_Assigned task:_ In the listing below, locate the line that contains "Definition comp_of (S" and the line that contains "Definition nbhd (A". Restate word for word those two lines and every line between them, and nothing else.

[Start of section]

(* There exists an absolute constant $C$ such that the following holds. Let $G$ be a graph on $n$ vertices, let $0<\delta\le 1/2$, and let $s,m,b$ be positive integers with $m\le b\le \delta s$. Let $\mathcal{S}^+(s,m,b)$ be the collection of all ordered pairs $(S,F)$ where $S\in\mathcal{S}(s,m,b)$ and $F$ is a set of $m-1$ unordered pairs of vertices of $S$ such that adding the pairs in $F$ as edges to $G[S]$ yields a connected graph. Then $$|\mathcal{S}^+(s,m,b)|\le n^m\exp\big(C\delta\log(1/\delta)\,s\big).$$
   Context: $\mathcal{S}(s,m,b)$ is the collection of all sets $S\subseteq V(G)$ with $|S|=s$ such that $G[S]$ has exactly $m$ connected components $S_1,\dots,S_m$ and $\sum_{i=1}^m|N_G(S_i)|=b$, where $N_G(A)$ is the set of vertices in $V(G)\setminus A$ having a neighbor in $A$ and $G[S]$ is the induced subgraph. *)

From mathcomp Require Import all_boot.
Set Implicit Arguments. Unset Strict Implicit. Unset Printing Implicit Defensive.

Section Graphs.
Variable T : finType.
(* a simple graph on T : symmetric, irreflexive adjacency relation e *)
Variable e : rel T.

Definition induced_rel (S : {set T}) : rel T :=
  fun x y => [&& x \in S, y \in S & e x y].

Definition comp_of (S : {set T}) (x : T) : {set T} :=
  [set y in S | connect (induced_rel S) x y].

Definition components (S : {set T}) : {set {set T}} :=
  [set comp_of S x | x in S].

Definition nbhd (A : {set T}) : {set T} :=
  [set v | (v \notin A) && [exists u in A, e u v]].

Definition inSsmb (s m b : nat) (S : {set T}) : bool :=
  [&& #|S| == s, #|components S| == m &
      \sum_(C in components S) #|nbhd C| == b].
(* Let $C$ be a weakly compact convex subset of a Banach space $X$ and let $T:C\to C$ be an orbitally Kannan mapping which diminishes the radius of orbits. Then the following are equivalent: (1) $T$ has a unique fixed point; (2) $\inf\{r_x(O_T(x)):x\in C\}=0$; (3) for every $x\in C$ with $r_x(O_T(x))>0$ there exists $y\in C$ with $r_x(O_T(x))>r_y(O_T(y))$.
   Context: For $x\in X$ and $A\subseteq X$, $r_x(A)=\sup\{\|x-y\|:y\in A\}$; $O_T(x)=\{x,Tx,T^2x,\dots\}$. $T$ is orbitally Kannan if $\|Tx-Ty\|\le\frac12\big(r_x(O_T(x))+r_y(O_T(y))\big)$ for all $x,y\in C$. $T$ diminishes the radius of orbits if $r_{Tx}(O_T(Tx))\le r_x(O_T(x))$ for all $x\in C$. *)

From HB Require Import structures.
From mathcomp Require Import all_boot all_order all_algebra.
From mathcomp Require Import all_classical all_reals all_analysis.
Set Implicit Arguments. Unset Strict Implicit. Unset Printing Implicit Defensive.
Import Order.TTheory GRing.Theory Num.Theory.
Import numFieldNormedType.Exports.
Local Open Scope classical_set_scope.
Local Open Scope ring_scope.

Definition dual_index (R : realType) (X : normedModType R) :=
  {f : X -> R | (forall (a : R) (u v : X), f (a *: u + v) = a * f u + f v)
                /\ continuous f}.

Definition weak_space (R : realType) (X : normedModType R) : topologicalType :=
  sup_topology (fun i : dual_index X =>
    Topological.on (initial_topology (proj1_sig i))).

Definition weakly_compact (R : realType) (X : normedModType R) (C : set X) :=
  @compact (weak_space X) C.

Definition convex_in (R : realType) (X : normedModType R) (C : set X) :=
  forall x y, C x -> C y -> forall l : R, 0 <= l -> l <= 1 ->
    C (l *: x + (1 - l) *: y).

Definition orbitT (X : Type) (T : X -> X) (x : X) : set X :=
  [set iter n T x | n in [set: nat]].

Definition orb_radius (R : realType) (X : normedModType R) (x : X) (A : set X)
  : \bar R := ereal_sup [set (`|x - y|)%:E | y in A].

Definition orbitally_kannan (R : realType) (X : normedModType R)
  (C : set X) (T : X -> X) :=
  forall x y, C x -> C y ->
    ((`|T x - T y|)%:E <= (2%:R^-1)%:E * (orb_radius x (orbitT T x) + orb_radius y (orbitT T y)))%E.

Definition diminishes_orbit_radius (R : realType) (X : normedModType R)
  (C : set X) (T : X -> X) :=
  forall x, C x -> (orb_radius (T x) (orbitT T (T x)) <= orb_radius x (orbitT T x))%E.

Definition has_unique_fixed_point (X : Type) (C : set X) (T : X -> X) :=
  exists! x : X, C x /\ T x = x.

[End of section]
[Start of section]

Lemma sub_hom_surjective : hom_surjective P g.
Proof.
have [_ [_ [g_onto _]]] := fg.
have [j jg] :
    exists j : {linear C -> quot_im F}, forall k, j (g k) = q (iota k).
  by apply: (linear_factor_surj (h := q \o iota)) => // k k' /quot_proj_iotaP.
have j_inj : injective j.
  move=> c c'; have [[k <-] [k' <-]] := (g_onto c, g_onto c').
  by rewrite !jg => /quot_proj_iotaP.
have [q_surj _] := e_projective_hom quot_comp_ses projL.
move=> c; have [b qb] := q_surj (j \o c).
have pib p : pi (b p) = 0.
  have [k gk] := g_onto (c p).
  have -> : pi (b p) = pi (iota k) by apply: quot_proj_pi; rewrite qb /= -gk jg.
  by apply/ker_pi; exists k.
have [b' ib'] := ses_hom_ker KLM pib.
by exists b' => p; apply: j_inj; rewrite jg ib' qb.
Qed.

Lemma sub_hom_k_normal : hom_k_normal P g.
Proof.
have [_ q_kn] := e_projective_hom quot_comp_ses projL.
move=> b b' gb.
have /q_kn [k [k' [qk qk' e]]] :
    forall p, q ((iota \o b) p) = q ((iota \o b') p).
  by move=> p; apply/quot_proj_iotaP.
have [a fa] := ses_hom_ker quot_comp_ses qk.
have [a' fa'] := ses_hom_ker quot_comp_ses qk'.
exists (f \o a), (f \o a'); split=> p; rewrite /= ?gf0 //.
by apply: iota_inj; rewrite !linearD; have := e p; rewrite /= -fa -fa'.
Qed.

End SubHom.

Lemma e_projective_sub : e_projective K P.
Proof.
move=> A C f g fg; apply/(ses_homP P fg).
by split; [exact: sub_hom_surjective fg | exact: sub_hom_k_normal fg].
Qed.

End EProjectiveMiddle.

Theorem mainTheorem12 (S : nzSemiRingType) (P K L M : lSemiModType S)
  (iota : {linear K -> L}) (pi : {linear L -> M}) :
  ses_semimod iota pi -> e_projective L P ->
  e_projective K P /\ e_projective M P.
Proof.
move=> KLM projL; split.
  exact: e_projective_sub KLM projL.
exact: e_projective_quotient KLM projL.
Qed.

[End of section]

_Task answer:_
Definition comp_of (S : {set T}) (x : T) : {set T} :=
  [set y in S | connect (induced_rel S) x y].

Definition components (S : {set T}) : {set {set T}} :=
  [set comp_of S x | x in S].

Definition nbhd (A : {set T}) : {set T} :=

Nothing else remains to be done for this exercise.